**RECORDS PROVIDED**
(* Let $\ell,n,d_0\in\mathbb{N}$ and $d=d_0+2\ell$. Let $X\in\{-1,1\}^{n\times d_0}$, let $\mathbf{P}$ be a uniformly random $d\times d$ permutation matrix, and let $\mathbf{Y}=\mathsf{PAP}_{n,d_0,\ell}(X,\mathbf{P})$. Let $\mathsf{M}\colon\{-1,1\}^{n\times d}\to[-1,1]^d$ be a mechanism such that for every $Y$ in the support of $\mathbf{Y}$, $\mathsf{M}(Y)$ strongly-agrees with $Y$ (with probability 1). Then the random vector $(\mathsf{M}(\mathbf{Y})\cdot\mathbf{P}^T)^{1,\dots,d_0}$ (the first $d_0$ coordinates of the row vector $\mathsf{M}(\mathbf{Y})\mathbf{P}^T$) is strongly-correlated with $X$.
   Context: $\mathsf{PAP}_{n,d_0,\ell}(X,P)=X''\cdot P$, where $X''\in\{-1,1\}^{n\times d}$ is obtained from $X$ by appending $\ell$ columns with all entries $1$ and $\ell$ columns with all entries $-1$ (after the $d_0$ original columns), and $P$ is a $d\times d$ permutation matrix (permuting columns). For a matrix $Z$ and $b\in\{-1,1\}$, $\mathcal{J}_Z^b$ is the set of columns all of whose entries equal $b$. A vector $q$ strongly-agrees with $Z$ if for both $b$, $|\{j\in\mathcal{J}_Z^b:q^j=b\}|\ge0.9|\mathcal{J}_Z^b|$. A random vector $Q\in[-1,1]^{d_0}$ is strongly-correlated with $X$ if for all $b\in\{-1,1\}$ and $j\in\mathcal{J}_X^b$, $\Pr[Q^j=b]\ge0.9$ (probability over $\mathbf{P}$ and $\mathsf{M}$'s coins). *)

From HB Require Import structures.
From mathcomp Require Import all_boot all_order all_algebra all_fingroup.
From mathcomp Require Import all_classical all_reals all_analysis.
Set Implicit Arguments. Unset Strict Implicit. Unset Printing Implicit Defensive.
Import Order.TTheory GRing.Theory Num.Theory.
Local Open Scope ring_scope.

Definition pm1_mx (R : numDomainType) m k (Z : 'M[R]_(m, k)) : Prop :=
  forall i j, Z i j = 1 \/ Z i j = -1.

Definition pad_mx (R : numDomainType) n d0 l (X : 'M[R]_(n, d0))
  : 'M[R]_(n, d0 + (l + l)) :=
  row_mx X (row_mx (const_mx 1) (const_mx (-1))).

Definition PAP (R : numDomainType) n d0 l (X : 'M[R]_(n, d0))
  (s : 'S_(d0 + (l + l))) : 'M[R]_(n, d0 + (l + l)) :=
  pad_mx l X *m perm_mx s.

Definition Jcols (R : numDomainType) m k (Z : 'M[R]_(m, k)) (b : R) : {set 'I_k} :=
  [set j | [forall i, Z i j == b]].

Definition strongly_agrees (R : numFieldType) m k (q : 'rV[R]_k) (Z : 'M[R]_(m, k))
  : Prop :=
  forall b : R, (b = 1 \/ b = -1) ->
    (9 / 10 : R) * (#|Jcols Z b|)%:R <= (#|[set j in Jcols Z b | q ord0 j == b]|)%:R :> R.

From HB Require Import structures.
From mathcomp Require Import all_boot all_order all_algebra all_fingroup.
From mathcomp Require Import all_classical all_reals all_analysis.
From mathcomp Require Import measurable_realfun.
Import Order.TTheory GRing.Theory Num.Theory.
Local Open Scope ring_scope.
Local Open Scope classical_set_scope.

(* Swapping two columns of X'' that are both constantly b leaves X'' unchanged,
   so the uniform permutation makes the probability that M answers b at the
   image of a constant-b column the same for all such columns.  Almost surely
   at least 9/10 of the constant-b columns are answered with b, hence by
   linearity of expectation the average of these equal probabilities, and so
   each of them, is at least 9/10; the padded column j of X is one of them. *)

Lemma mul_perm_mxE {R : pzSemiRingType} {m k} (A : 'M[R]_(m, k)) (s : 'S_k) i c :
  (A *m perm_mx s) i (s c) = A i c.
Proof. by rewrite -[s in perm_mx s]invgK -col_permE mxE permK. Qed.

Lemma mul_tr_perm_mxE {R : pzSemiRingType} {m k} (A : 'M[R]_(m, k)) (s : 'S_k) i c :
  (A *m (perm_mx s)^T) i c = A i (s c).
Proof. by rewrite tr_perm_mx -col_permE mxE. Qed.

Lemma mul_tperm_mx_id {R : pzSemiRingType} {m k} (A : 'M[R]_(m, k)) (a c : 'I_k) :
  col a A = col c A -> A *m perm_mx (tperm a c) = A.
Proof.
move=> /matrixP Aac; apply/matrixP => i x.
have Aiac : A i a = A i c by have := Aac i 0; rewrite !mxE.
rewrite -[tperm a c]invgK -col_permE mxE tpermV.
by case: tpermP => [->|->|].
Qed.

Lemma Jcols_mul_perm_mx {R : numDomainType} {m k} (A : 'M[R]_(m, k)) (s : 'S_k) b :
  Jcols (A *m perm_mx s) b = s @: Jcols A b.
Proof.
apply/setP => j; rewrite -[j](permKV s) mem_imset; last exact: perm_inj.
by rewrite !inE; apply: eq_forallb => i; rewrite mul_perm_mxE.
Qed.

Lemma Jcols_col_eq {R : numDomainType} {m k} {A : 'M[R]_(m, k)} {b a c} :
  a \in Jcols A b -> c \in Jcols A b -> col a A = col c A.
Proof.
rewrite !inE => /forallP Aa /forallP Ac; apply/matrixP => i j.
by rewrite !mxE (eqP (Aa i)) (eqP (Ac i)).
Qed.

Lemma mem_Jcols_pad_lshift {R : numDomainType} {n d0} l (X : 'M[R]_(n, d0)) b j :
  (lshift (l + l) j \in Jcols (pad_mx l X) b) = (j \in Jcols X b).
Proof. by rewrite !inE; apply: eq_forallb => i; rewrite /pad_mx row_mxEl. Qed.

Lemma Jcols_PAP {R : numDomainType} {n d0 l} (X : 'M[R]_(n, d0)) s b :
  Jcols (PAP X s) b = s @: Jcols (pad_mx l X) b.
Proof. exact: Jcols_mul_perm_mx. Qed.

Lemma PAP_tpermM {R : numDomainType} {n d0 l} (X : 'M[R]_(n, d0)) s a c :
  col a (pad_mx l X) = col c (pad_mx l X) -> PAP X (tperm a c * s)%g = PAP X s.
Proof. by move=> Xac; rewrite /PAP perm_mxM mulmxA mul_tperm_mx_id. Qed.

Lemma sum_perm_tperm_swap {V : nmodType} {k} (F : 'S_k -> 'I_k -> V) (a c : 'I_k) :
  (forall s, F (tperm a c * s)%g = F s) -> \sum_s F s (s a) = \sum_s F s (s c).
Proof.
move=> Finv; rewrite (reindex_inj (mulgI (tperm a c))).
by apply: eq_bigr => s _; rewrite Finv permM tpermL.
Qed.

Lemma mean_ge_double_count {R : numFieldType} {I J : finType} (K : {set J})
    (f : I -> J -> R) (i0 : I) (a : J) (t : R) :
  a \in K -> (forall c, c \in K -> \sum_i f i c = \sum_i f i a) ->
  (forall i, t * #|K|%:R <= \sum_(c in K) f i c) ->
  t <= #|I|%:R^-1 * \sum_i f i a.
Proof.
move=> aK fK tK.
have K_gt0 : 0 < #|K|%:R :> R by rewrite ltr0n; apply/card_gt0P; exists a.
have I_gt0 : 0 < #|I|%:R :> R by rewrite ltr0n; apply/card_gt0P; exists i0.
have sums : \sum_(i : I) t * #|K|%:R <= \sum_(c in K) \sum_i f i a.
  by rewrite -(eq_bigr _ fK) exchange_big; exact: ler_sum.
rewrite (ler_pdivlMl _ _ I_gt0) -(ler_pM2r K_gt0) -mulrA.
by rewrite [leLHS]mulr_natl [leRHS]mulr_natr; move: sums; rewrite !sumr_const.
Qed.

Lemma natr_card_sum_indic {R : pzRingType} {T : Type} {I : finType} (K : {set I})
    (E : I -> set T) w :
  #|[set i in K | w \in E i]|%:R = \sum_(i in K) \1_(E i) w :> R.
Proof.
rewrite -sum1_card natr_sum [LHS]big_mkcond [RHS]big_mkcond /=.
by apply: eq_bigr => i _; rewrite inE indicE; case: (i \in K); case: (w \in E i).
Qed.

Lemma measurable_preimage1 {R : realType} {d} {T : measurableType d} (f : T -> R) v :
  measurable_fun setT f -> measurable [set w | f w = v].
Proof. by move=> /(_ measurableT [set v] (measurable_set1 v)); rewrite setTI. Qed.

Lemma measurable_card_ge {R : realType} {d} {T : measurableType d} {I : finType}
    (K : {set I}) (E : I -> set T) (t : R) :
  (forall i, measurable (E i)) -> measurable [set w | t <= #|[set i in K | w \in E i]|%:R].
Proof.
move=> mE.
have mcount : measurable_fun setT (fun w => \sum_(i <- enum K) \1_(E i) w : R).
  by apply: measurable_sum => i; exact: measurable_indic.
have := mcount measurableT `[t, +oo[%classic (measurable_itv _).
rewrite setTI; congr measurable; apply/seteqP; split => w /=;
  by rewrite in_itv /= andbT natr_card_sum_indic big_enum.
Qed.

Lemma agreeing_colsE {R : numDomainType} {T : Type} {k} (J : {set 'I_k})
    (q : T -> 'rV[R]_k) b w :
  [set j in J | w \in [set w | q w ord0 j = b]] = [set j in J | q w ord0 j == b].
Proof. by apply/setP => j; rewrite !inE; congr andb; apply/idP/eqP; rewrite inE. Qed.

Lemma sum_measure_ge_card {R : realType} {d} {T : measurableType d}
    (P : {measure set T -> \bar R}) {I : finType} (K : {set I}) (E : I -> set T)
    (A : set T) (t : R) :
  0 <= t -> measurable A -> P A = 1%E -> (forall i, measurable (E i)) ->
  (forall w, A w -> t <= #|[set i in K | w \in E i]|%:R) ->
  (t%:E <= \sum_(i in K) P (E i))%E.
Proof.
move=> t_ge0 mA PA1 mE tA.
have mindic (B : set T) : measurable B -> measurable_fun setT (fun w => (\1_B w)%:E : \bar R).
  by move=> mB; apply/measurable_EFinP; exact: measurable_indic.
have -> : (\sum_(i in K) P (E i) =
           \int[P]_w (\sum_(i <- enum K) (\1_(E i) w)%:E))%E.
  rewrite ge0_integral_sum //; last by move=> i; exact: mindic.
  by rewrite big_enum; apply: eq_bigr => i _; rewrite integral_indic ?setIT.
have -> : t%:E = (\int[P]_w (t%:E * (\1_A w)%:E))%E.
  rewrite ge0_integralZl_EFin //; last exact: mindic.
  by rewrite integral_indic // setIT PA1 mule1.
apply: (ge0_le_integral P measurableT).
- by move=> w _; rewrite mule_ge0.
- by apply: emeasurable_funM => //; exact: mindic.
- by apply: emeasurable_sum => i; exact: mindic.
move=> w _; rewrite -EFinM sumEFin lee_fin big_enum -natr_card_sum_indic indicE.
by case: (boolP (w \in A)) => [/set_mem/tA|_]; rewrite ?mulr1 ?mulr0.
Qed.

Lemma measurable_strongly_agrees {R : realType} {d} {T : measurableType d} {m k}
    (Z : 'M[R]_(m, k)) (q : T -> 'rV[R]_k) :
  (forall j, measurable_fun setT (fun w => q w ord0 j)) ->
  measurable [set w | strongly_agrees (q w) Z].
Proof.
move=> mq.
pose agree_at b := [set w | 9 / 10 * #|Jcols Z b|%:R <=
  #|[set j in Jcols Z b | w \in [set w | q w ord0 j = b]]|%:R :> R].
have -> : [set w | strongly_agrees (q w) Z] = agree_at 1 `&` agree_at (-1).
  apply/seteqP; split => w /=.
  - by move=> agree; split; rewrite /agree_at /= agreeing_colsE; apply: agree; [left|right].
  - by move=> [agree1 agreeN1] b [->|->]; rewrite -agreeing_colsE.
by apply: measurableI; apply: measurable_card_ge => j; exact: measurable_preimage1.
Qed.

Lemma sum_measure_agree_ge {R : realType} {d} {T : measurableType d}
    (P : {measure set T -> \bar R}) {m k} (Z : 'M[R]_(m, k)) (q : T -> 'rV[R]_k) (b : R) :
  (forall j, measurable_fun setT (fun w => q w ord0 j)) ->
  P [set w | strongly_agrees (q w) Z] = 1%E -> b = 1 \/ b = -1 ->
  ((9 / 10 * #|Jcols Z b|%:R)%:E <= \sum_(j in Jcols Z b) P [set w | q w ord0 j = b])%E.
Proof.
move=> mq Pagree b_pm1.
apply: (sum_measure_ge_card P _ (fun j => [set w | q w ord0 j = b]) _ _ _
  (measurable_strongly_agrees Z q mq) Pagree).
- by rewrite mulr_ge0.
- by move=> j; exact: measurable_preimage1.
by move=> w; rewrite agreeing_colsE; apply.
Qed.

(* M Y w is the output of M on input Y with coins w drawn from mu; the uniform
   P = perm_mx s is accounted for by averaging over s. *)
Theorem lemma6p2 (R : realType) (l n d0 : nat)
  (dm : measure_display) (Omega : measurableType dm) (mu : probability Omega R)
  (X : 'M[R]_(n, d0)) (HX : pm1_mx X)
  (M : 'M[R]_(n, d0 + (l + l)) -> Omega -> 'rV[R]_(d0 + (l + l)))
  (Mmeas : forall Y j, measurable_fun setT (fun w => M Y w ord0 j))
  (Mrange : forall Y w j, -1 <= M Y w ord0 j <= 1)
  (Magree : forall s : 'S_(d0 + (l + l)),
     mu [set w | strongly_agrees (M (PAP X s) w) (PAP X s)] = 1%E) :
  forall (b : R), (b = 1 \/ b = -1) ->
  forall j : 'I_d0, j \in Jcols X b ->
    ((9 / 10)%:E <=
     ((#|'S_(d0 + (l + l))|%:R)^-1)%:E *
       \sum_(s : 'S_(d0 + (l + l)))
          mu [set w | (M (PAP X s) w *m (perm_mx s)^T) ord0 (lshift (l + l) j) = b])%E.
Proof.
move=> b b_pm1 j Xj.
set a := lshift (l + l) j.
set K := Jcols (pad_mx l X) b.
pose p s c := fine (mu [set w | M (PAP X s) w ord0 c = b]).
have muE s c : mu [set w | M (PAP X s) w ord0 c = b] = (p s c)%:E.
  by rewrite fineK // fin_num_measure //; exact: measurable_preimage1.
have aK : a \in K by rewrite mem_Jcols_pad_lshift.
have exchangeable c : c \in K -> \sum_s p s (s c) = \sum_s p s (s a).
  move=> cK; apply: sum_perm_tperm_swap => s.
  by rewrite /p PAP_tpermM //; exact: Jcols_col_eq cK aK.
have agree s : 9 / 10 * #|K|%:R <= \sum_(c in K) p s (s c).
  have := sum_measure_agree_ge mu (PAP X s) (M (PAP X s)) b (Mmeas _) (Magree s) b_pm1.
  rewrite Jcols_PAP big_imset /=; last exact: in2W perm_inj.
  under eq_bigr do rewrite muE.
  by rewrite sumEFin lee_fin card_imset //; exact: perm_inj.
have eventE s : [set w | (M (PAP X s) w *m (perm_mx s)^T) ord0 a = b] =
                [set w | M (PAP X s) w ord0 (s a) = b].
  by apply: eq_set => w; rewrite mul_tr_perm_mxE.
under eq_bigr do rewrite eventE muE.
rewrite sumEFin -EFinM lee_fin.
exact: (mean_ge_double_count K (fun s c => p s (s c)) 1%g a).
Qed.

**TASK DIRECTIONS**
Of the entries above, repeat exactly the lines from the line with "at least 9/10 of" through the line with "(A *m perm_mx s) i (s c) = A i c.", both of them included.

**EXERCISE ANSWER**
   at least 9/10 of the constant-b columns are answered with b, hence by
   linearity of expectation the average of these equal probabilities, and so
   each of them, is at least 9/10; the padded column j of X is one of them. *)

Lemma mul_perm_mxE {R : pzSemiRingType} {m k} (A : 'M[R]_(m, k)) (s : 'S_k) i c :
  (A *m perm_mx s) i (s c) = A i c.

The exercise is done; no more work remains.